### Dataset records ###

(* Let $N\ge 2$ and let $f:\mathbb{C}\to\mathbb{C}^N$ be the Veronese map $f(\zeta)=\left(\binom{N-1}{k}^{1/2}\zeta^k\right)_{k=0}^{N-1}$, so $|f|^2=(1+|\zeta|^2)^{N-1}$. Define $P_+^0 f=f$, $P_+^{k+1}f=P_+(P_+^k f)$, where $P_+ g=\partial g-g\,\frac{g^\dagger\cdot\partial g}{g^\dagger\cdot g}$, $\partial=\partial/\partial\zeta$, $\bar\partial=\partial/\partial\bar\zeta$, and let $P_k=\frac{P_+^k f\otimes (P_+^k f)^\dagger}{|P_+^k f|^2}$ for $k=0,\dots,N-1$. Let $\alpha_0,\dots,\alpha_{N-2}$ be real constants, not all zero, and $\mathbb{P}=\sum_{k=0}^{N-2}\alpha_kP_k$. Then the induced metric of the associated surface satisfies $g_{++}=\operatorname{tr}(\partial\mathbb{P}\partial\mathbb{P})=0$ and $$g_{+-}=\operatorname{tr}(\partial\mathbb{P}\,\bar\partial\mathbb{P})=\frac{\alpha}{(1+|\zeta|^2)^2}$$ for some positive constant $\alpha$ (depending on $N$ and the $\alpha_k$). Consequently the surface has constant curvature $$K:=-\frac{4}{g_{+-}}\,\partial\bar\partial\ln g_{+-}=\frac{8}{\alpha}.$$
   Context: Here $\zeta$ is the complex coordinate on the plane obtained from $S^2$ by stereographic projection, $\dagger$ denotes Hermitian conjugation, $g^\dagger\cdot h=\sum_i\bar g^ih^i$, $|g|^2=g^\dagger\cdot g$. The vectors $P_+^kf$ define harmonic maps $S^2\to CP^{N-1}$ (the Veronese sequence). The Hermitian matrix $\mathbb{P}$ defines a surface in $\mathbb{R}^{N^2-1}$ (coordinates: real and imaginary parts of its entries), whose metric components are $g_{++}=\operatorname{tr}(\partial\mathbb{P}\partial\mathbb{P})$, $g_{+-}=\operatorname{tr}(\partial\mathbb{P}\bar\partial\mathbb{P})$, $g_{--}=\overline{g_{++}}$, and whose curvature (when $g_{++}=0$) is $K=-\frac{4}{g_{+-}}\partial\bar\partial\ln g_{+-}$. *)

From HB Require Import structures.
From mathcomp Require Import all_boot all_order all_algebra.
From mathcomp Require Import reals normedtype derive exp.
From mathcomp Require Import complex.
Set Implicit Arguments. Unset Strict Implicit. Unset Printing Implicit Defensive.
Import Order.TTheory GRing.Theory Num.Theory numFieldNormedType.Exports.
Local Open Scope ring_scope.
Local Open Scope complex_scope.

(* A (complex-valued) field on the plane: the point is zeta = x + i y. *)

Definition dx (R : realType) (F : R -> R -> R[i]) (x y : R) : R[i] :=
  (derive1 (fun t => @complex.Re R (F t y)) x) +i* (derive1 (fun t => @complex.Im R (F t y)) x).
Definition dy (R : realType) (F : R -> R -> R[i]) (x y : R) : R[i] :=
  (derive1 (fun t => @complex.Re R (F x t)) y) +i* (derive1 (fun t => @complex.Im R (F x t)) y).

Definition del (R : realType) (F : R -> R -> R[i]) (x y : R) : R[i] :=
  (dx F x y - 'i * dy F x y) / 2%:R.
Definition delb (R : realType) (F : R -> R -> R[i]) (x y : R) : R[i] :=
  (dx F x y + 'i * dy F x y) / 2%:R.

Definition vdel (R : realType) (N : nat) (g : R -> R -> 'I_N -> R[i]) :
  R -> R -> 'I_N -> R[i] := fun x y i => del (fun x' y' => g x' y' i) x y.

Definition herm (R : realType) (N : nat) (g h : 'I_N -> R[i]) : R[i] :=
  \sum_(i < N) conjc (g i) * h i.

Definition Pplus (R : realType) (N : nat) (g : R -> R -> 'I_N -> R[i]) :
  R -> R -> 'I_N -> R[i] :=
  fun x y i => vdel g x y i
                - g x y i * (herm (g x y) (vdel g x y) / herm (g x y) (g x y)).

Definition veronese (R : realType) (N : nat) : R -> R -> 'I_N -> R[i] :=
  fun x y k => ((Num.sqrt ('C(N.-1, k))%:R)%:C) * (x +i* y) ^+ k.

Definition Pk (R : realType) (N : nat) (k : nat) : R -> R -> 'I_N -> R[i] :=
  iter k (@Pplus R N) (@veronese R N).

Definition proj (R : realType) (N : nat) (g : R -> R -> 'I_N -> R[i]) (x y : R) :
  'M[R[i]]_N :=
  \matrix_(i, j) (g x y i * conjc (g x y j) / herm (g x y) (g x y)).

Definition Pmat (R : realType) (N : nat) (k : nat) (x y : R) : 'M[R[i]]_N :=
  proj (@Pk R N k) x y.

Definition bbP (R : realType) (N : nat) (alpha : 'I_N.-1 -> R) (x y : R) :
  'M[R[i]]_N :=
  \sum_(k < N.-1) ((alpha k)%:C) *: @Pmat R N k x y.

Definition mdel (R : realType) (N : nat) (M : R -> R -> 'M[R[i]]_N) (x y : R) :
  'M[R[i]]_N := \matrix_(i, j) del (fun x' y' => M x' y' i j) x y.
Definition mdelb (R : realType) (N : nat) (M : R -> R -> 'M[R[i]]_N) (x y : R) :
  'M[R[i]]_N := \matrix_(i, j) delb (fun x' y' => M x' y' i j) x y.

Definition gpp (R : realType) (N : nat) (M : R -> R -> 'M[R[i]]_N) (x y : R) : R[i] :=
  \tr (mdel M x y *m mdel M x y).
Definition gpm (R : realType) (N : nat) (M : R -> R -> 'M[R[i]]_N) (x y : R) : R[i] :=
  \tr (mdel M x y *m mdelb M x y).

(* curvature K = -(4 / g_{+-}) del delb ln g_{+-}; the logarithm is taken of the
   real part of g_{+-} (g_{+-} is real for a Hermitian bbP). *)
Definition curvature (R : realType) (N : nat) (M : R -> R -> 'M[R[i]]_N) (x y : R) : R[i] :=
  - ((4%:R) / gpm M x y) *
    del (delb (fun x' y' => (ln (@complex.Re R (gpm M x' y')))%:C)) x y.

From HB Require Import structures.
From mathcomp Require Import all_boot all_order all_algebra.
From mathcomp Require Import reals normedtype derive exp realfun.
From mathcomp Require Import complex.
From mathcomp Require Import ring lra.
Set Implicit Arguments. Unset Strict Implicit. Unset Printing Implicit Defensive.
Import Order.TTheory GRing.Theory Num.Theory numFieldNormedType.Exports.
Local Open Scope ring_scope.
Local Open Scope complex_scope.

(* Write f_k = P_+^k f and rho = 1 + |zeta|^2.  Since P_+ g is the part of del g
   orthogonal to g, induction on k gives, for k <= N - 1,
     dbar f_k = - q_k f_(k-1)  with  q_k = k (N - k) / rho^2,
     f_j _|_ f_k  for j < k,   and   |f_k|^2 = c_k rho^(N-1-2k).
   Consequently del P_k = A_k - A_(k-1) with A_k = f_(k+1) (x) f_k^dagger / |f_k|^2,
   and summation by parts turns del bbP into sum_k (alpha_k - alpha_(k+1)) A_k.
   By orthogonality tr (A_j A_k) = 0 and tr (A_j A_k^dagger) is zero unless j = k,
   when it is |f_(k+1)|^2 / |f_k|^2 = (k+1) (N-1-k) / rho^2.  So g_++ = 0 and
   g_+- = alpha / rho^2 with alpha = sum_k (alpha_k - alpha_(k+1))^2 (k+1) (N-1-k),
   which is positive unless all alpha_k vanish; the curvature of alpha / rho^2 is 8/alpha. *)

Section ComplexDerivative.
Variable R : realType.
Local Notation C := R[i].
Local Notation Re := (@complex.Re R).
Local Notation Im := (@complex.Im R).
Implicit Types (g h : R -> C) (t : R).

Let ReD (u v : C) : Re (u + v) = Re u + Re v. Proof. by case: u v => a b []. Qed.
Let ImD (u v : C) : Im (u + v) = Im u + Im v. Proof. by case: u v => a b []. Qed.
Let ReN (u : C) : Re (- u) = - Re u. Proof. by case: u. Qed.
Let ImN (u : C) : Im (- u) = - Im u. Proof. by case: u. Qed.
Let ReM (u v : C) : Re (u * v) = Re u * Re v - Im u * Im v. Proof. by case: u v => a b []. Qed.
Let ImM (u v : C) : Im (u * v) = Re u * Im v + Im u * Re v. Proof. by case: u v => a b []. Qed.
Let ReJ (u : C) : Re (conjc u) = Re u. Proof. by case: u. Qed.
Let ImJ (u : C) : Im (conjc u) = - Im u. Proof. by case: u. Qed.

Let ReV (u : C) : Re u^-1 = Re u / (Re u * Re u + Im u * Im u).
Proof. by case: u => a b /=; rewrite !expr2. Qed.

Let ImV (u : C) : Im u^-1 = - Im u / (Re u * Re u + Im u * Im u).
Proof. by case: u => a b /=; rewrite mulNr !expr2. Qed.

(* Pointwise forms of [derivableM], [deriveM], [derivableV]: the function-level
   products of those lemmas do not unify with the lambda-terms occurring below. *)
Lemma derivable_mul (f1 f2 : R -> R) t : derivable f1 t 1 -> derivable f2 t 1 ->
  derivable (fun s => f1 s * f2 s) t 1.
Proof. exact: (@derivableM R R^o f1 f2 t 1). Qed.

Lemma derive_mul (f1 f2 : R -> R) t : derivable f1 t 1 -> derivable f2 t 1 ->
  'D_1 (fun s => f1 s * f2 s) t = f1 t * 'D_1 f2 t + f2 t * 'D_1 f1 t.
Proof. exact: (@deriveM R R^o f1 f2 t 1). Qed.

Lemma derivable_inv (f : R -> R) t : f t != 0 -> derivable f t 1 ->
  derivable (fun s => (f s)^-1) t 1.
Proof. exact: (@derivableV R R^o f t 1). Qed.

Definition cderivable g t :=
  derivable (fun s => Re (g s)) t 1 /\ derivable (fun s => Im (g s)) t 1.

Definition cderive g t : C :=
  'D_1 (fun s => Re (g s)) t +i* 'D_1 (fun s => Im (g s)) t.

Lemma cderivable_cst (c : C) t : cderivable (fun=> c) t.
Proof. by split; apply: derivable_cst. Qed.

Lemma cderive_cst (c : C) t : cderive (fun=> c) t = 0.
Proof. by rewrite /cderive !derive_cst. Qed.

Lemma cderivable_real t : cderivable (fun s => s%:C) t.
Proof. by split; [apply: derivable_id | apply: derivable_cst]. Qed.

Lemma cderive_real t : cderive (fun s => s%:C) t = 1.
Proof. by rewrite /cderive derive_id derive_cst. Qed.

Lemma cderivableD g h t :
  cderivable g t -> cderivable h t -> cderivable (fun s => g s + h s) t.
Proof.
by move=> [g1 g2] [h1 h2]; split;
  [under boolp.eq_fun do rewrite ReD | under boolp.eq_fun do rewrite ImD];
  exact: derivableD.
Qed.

###

### [Task to carry out]
Looking at the entries, count the lines where the word "reals" appears, and state the count by itself.

### [Solution below]
2